Port data 124 may include various metrics such as amount of data or a number of packets in each queue 121 a-d, weighting information, queue grade information, and/or other information, such as data associated with other devices with which the switch 103 communicates. The processor 115, after receiving such data, might perform further operations based on the obtained information, such as optimizing port usage by determining queue weights and generating queue vector masks as described herein.
The processor 115 may also be capable of receiving information from remote peers such as other switches or devices. Such information may indicate a quality associated with a queue of the remote peer. For example, if a queue of a remote peer is congested or inactive, the remote peer can send information to the switch 103 indicating the queue is congested or inactive. The processor 115 may store such information and/or use such information to generating routing instructions for the switch 103.
The switch 103 may also be capable of generating information to share with remote peers to indicate to the remote peers a quality of each of the queues 121 a-d, such as whether any one or more of the queues 121 a-d are congested or inactive. After generating the information to share with remote peers, the information may be sent via one or more of the ports 106 a-d to be received by one or more remote peers.
As illustrated in FIG. 2 , each queue 121 a-d may store packets 200 a-s, or non-packetized data. The queues 121 a-d may, as described above, be organized on a one-to-one basis with egress ports 106 a-d and may operate as buffers collecting outgoing data before the data is dispatched via the respective port 106 a-d. As should be appreciated, queued data may include network packets, frames, or data in any format.
The capacity of the queues 121 a-d may vary in terms of the number of packets and the total data volume each queue 121 a-d can hold. As should be appreciated, each queue 121 a-d may be of a different capacity.
Available space 203 a-d of a queue 121 may be an amount of storage space of the queue 121 a-d which is not occupied by data waiting to be transmitted from an associated port. As such, the available space 203 a-d of a queue 121 may be dependent upon an amount of data or number of packets 200 a-s stored in the respective queue 121 a-d.

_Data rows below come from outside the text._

(* Let $N\ge 2$, $n\ge1$. Let $\{\mathcal{G}_k : k\in\mathcal{P}\}$, $\mathcal{P}=\{1,\ldots,Q\}$, be a finite family of weighted digraphs on the node set $\{1,\ldots,N\}$ with weights $a^k_{ij}\ge0$, $a^k_{ii}=0$, and let $\sigma:[0,\infty)\to\mathcal{P}$ be a right-continuous, piecewise constant switching signal whose consecutive switching instants are separated by at least a dwell time $T_{\min}>0$. Assume there exists $T>0$ such that for every $t_0\ge0$ the union graph $\bigcup_{t\in[t_0,t_0+T)}\mathcal{G}_{\sigma(t)}$ contains a directed spanning tree. Let $f:\mathbb{R}^n\to\mathbb{R}^n$ be continuous, $\Gamma$ a positive definite diagonal $n\times n$ matrix, and suppose there exist positive definite diagonal matrices $Q=\mathrm{diag}\{q^1,\ldots,q^n\}$ and $\Sigma=\mathrm{diag}\{\delta^1,\ldots,\delta^n\}$ such that for all $x,y\in\mathbb{R}^n$, $$(x-y)^{\mathrm{T}}Q\big(f(x)-f(y)-\Sigma x+\Sigma y\big)\ge 0.$$ Consider, for a coupling strength $\phi>0$, $$\dot{x}_i=f(x_i)+\phi\sum_{j=1}^N a_{ij}^{\sigma(t)}\Gamma(x_j-x_i),\qquad i=1,\ldots,N.$$ Then synchronization cannot be reached if $\phi$ is sufficiently small: there exists $\phi_*>0$ such that for every $\phi\in(0,\phi_* )$ the system does not achieve synchronization (i.e., it is not true that $\lim_{t\to\infty}\|x_i(t)-x_j(t)\|=0$ for all $i,j$ and all initial conditions).
   Context: For a weighted digraph with weights $a_{ij}\ge0$, $a_{ij}>0$ means that $(j,i)$ is an edge (information flows from $j$ to $i$). A directed path is a sequence of edges $(i_1,i_2),(i_2,i_3),\ldots,(i_{q-1},i_q)$. A digraph contains a directed spanning tree if some node has a directed path to every other node. The union of a family of graphs on the same node set has as edge set the union of their edge sets. *)

From HB Require Import structures.
From mathcomp Require Import all_boot all_order all_algebra.
From mathcomp Require Import all_classical all_reals all_analysis.
Set Implicit Arguments. Unset Strict Implicit. Unset Printing Implicit Defensive.
Import Order.TTheory GRing.Theory Num.Theory.
Import numFieldNormedType.Exports.
Local Open Scope classical_set_scope.
Local Open Scope ring_scope.

Section Defs.
Variable R : realType.

Definition posdef n (M : 'M[R]_n) : Prop :=
  forall v : 'cV[R]_n, v != 0 -> 0 < (v^T *m M *m v) ord0 ord0.
Lemma cbifree_sorted (R : fieldType) (A : lmodType R) (K : eqType)
  (Asub : K -> bool -> pred A) (G1 G2 : pred K) (Phi Psi : wfun A K) :
  is_cbifree Asub G1 G2 Phi Psi ->
  forall (P : seq nat) (chi col : nat -> bool) (b : nat -> elem A K),
  sorted ltn P -> P != [::] ->
  {in P, forall j, inB Asub (if col j then G1 else G2) (chi j) (b j)} ->
  (forall V, V \in group_runs col (chi_arrange chi P) -> extF Psi (bprod b V) = 0%R) ->
  extF Phi (bprod b P) =
    (\prod_(V <- group_runs col (chi_arrange chi P)) extF Phi (bprod b V))%R.
Proof.
move=> hcb P chi col b sP hP hb hcent.
set N := size P; set p := nth 0 P.
have pP : map p (iota 0 N) = P := mkseq_nth 0 P.
have hmono : {in [pred i | i < N] &, {homo p : i j / i <= j}}.
  apply: (sorted_leq_nth leq_trans leqnn).
  by move: sP; rewrite ltn_sorted_uniq_leq => /andP [].
have bprodE V : all (fun i => i < N) V -> bprod (b \o p) V = bprod b (map p V).
  by move=> hV; rewrite /bprod (sort_leq_map_homo hmono hV) -map_comp.
have runsE : group_runs col (chi_arrange chi P) =
    map (map p) (pi_blocks N (chi \o p) (col \o p)).
  by rewrite /pi_blocks chi_orderE -group_runs_map chi_arrange_map pP.
have blockN V : V \in pi_blocks N (chi \o p) (col \o p) -> all (fun i => i < N) V.
  move=> hV; apply/allP => i hi.
  have : i \in chi_order N (chi \o p).
    by rewrite -(flatten_group_runs (col \o p) (chi_order _ _)); apply/flattenP; exists V.
  by rewrite chi_orderE mem_chi_arrange mem_iota.
have N0 : 0 < N by rewrite lt0n size_eq0.
have -> : bprod b P = bprod (b \o p) (iota 0 N).
  by rewrite bprodE ?pP //; apply/allP => i; rewrite mem_iota.
rewrite (proj2 (hcb N (chi \o p) (col \o p) (b \o p) N0 _ _)).
- rewrite runsE big_map big_seq [RHS]big_seq; apply: eq_bigr => V hV.
  by rewrite bprodE ?blockN.
- by move=> j hj; apply: hb; exact: mem_nth.
- by move=> V hV; rewrite bprodE ?blockN //; apply: hcent; rewrite runsE map_f.
Qed.

(** * Factoring out a block of the top colour *)

Section TwoLevels.
Variables (R : fieldType) (A : lmodType R) (K : eqType) (Asub : K -> bool -> pred A).
Variables (Phi Psi : wfun A K) (G1 : pred K) (M : K) (col chi : nat -> bool).
Hypothesis cbifree_PhiPsi : is_cbifree Asub G1 (pred1 M) Phi Psi.
Hypothesis Psi_low : {in validw Asub G1, Psi =1 @delta R A K}.
Hypothesis Phi_top : {in validw Asub (pred1 M), Phi =1 Psi}.
Local Open Scope ring_scope.
Local Notation elemT := (elem A K).
Local Notation runs P := (group_runs col (chi_arrange chi P)).

Lemma Psi_nil : Psi [::] = 1.
Proof. by rewrite Psi_low. Qed.

(* [col j] says that position [j] belongs to the lower pair [G1]; the other
   positions carry atoms of the top colour [M]. Lower positions hold single
   letters, so their blocks are words, which [Psi = delta] sends to 0. *)
Definition admissible (P : seq nat) (bb : nat -> elemT) :=
  {in P, forall j, inB Asub (if col j then G1 else pred1 M) (chi j) (bb j) /\
                   (col j -> exists l, bb j = [:: (1, [:: l])])}.

Definition defect (P U : seq nat) (bb : nat -> elemT) : R :=
  extF Phi (bprod bb P) -
  extF Psi (bprod bb U) * extF Phi (bprod bb [seq x <- P | x \notin U]).

Lemma col_runs P V j : V \in runs P -> j \in V -> col j = col (head 0 V).
Proof. by move=> /group_runs_block [_ /allP h] /h /eqP. Qed.

Lemma runs_subset P V : V \in runs P -> {subset V <= P}.
Proof.
move=> hV j hj; rewrite -(mem_chi_arrange chi) -(flatten_group_runs col (chi_arrange _ _)).
by apply/flattenP; exists V.
Qed.

Lemma letters_centered P bb V : admissible P bb -> V \in runs P -> col (head 0 V) ->
  extF Psi (bprod bb V) = 0.
Proof.
move=> hadm hV hc; have hVP := runs_subset hV.
have [w [ew sw]] :
    exists w, prodE (map bb (sort leq V)) = [:: (1, w)] /\ size w = size (sort leq V).
  apply: prodE_letter_elems => j; rewrite mem_sort => hj.
  by apply: (hadm j (hVP j hj)).2; rewrite (col_runs hV hj).
have hv : valid_elem Asub G1 (bprod bb V).
  apply: valid_elem_bprod => j hj; have [+ _] := hadm j (hVP j hj).
  by rewrite (col_runs hV hj) hc; apply: inB_valid_elem.
move: hv; rewrite /bprod ew /valid_elem /= andbT => hv.
rewrite extF_word Psi_low //.
have [hV0 _] := group_runs_block hV.
by case: w ew sw hv => //= _; rewrite size_sort => /esym /size0nil eV; rewrite eV in hV0.
Qed.

Lemma Phi_bprod_eq0 P U bb : sorted ltn P -> admissible P bb ->
  U \in runs P -> ~~ col (head 0 U) ->
  (forall V, V \in runs P -> ~~ col (head 0 V) -> extF Psi (bprod bb V) = 0) ->
  extF Phi (bprod bb P) = 0.
Proof.
move=> sP hadm hU hUc hcent.
have hP : P != [::].
  by have [+ _] := group_runs_block hU; apply: contraNneq => eP; rewrite eP in hU.
rewrite (cbifree_sorted cbifree_PhiPsi (chi := chi) (col := col) sP hP); first last.
- move=> V hV; case hc: (col (head 0 V)); last by rewrite hcent ?hc.
  exact: letters_centered hadm hV hc.
- by move=> j /hadm [].
rewrite (big_rem U) //=.
have -> : extF Phi (bprod bb U) = extF Psi (bprod bb U).
  apply: (eq_extF_valid (G := pred1 M)); first exact: Phi_top.
  apply: valid_elem_bprod => j hj; have [+ _] := hadm j (runs_subset hU hj).
  by rewrite (col_runs hU hj) (negbTE hUc); apply: inB_valid_elem.
by rewrite hcent // mul0r.
Qed.

Lemma defect_shift P U bb j s : uniq P -> uniq U -> j \in P ->
  defect P U (upd bb j (shiftE (bb j) s)) =
  defect P U bb + s * defect (filter (predC1 j) P) (filter (predC1 j) U) bb.
Proof.
move=> uP uU hj; rewrite /defect !extF_bprod_shift ?filter_uniq // hj.
case hU: (j \in U).
- rewrite mem_filter hU /=.
  have -> : [seq x <- filter (predC1 j) P | x \notin filter (predC1 j) U] =
            [seq x <- P | x \notin U].
    rewrite -filter_predI; apply: eq_filter => x /=; rewrite mem_filter /=.
    by case: (eqVneq x j) => [->|hne]; rewrite ?eqxx ?hU ?hne /= ?andbT.
  ring.
- rewrite mem_filter hU hj /=.
  have -> : filter (predC1 j) U = U.
    by apply/all_filterP/allP => x hx /=; apply/eqP => exj; rewrite -exj hx in hU.
  rewrite filter_comm; ring.
Qed.

Definition shift_on (L : seq nat) (t : nat -> R) (bb : nat -> elemT) : nat -> elemT :=
  fun j => if (j \in L) && ~~ col j then shiftE (bb j) (t j) else bb j.

Lemma eq_defect P U bb1 bb2 : bb1 =1 bb2 -> defect P U bb1 = defect P U bb2.
Proof. by move=> e; rewrite /defect /bprod !(eq_map e). Qed.

Lemma eq_admissible P bb1 bb2 : bb1 =1 bb2 -> admissible P bb1 -> admissible P bb2.
Proof. by move=> e hadm j hj; rewrite -e; apply: hadm. Qed.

As should be appreciated, each packet 200 a-s may be a different size. Packet size, also referred to as packet length, can be defined as the total number of bytes that a packet contains, including the payload (data) and the header information. The size of packets may depend on several factors, including the type of data being transmitted, the protocols used in the network, and the specific network configuration or application requirements. As described herein, queue weightings may vary depending on the amount of data stored within each queue and/or a number of packets stored within each queue.
To execute the systems and methods in accordance with the embodiments described herein, a current depth may be polled for each queue 121 a-d associated with an egress port 106 a-d. In some implementations, the processor 115 of the switch 103 may poll the depth of each queue 121 a-d on a periodic, continuous, or event-driven basis. The depth of a queue 121 a-d may refer to a current volume of data in the queue 121 a-d awaiting transmission. By polling the queue depth, the processor 115 may be enabled to make decisions on data handling, such as determining queue weightings and generating queue vector masks as described herein.
Polling a current depth of a queue 121 a-d may comprise determining one or more of an amount of data stored in the queue 121 a-d, a number of packets 200 a-s stored in the queue 121 a-d, an amount of available space 203 a-d remaining in the queue 121 a-d, and a percentage of occupied space in the queue 121 a-d.
To poll the current depth of a queue 121 a-d, in some implementations, a component of the switch 103, such as the switching hardware 109 or the processor 115 may read a register, a counter value, or a memory location. For example, the switching hardware 109 or the processor 115 may read a memory location in which packets in each queue are stored to determine a number of packets in each queue or read a memory location to determine an available space in each queue. In some implementations, the switching hardware 109 or the processor 115 may subtract the available space from the total size of the queue.
In some implementations, the processor 115 of the switch 103 may poll the current depth of each queue 121 a-d by receiving data from switching hardware. For example, the switching hardware 109 may determine a current depth of each queue 121 a-d by reading an amount of data in each queue, reading one or more counter values, or otherwise, and may send the current depth of each queue 121 a-d to the processor 115. As another example, the processor 115 may be enabled to determine a current depth of each queue 121 a-d by reading an amount of data in each queue, reading one or more counter values in the switching hardware 109, or otherwise.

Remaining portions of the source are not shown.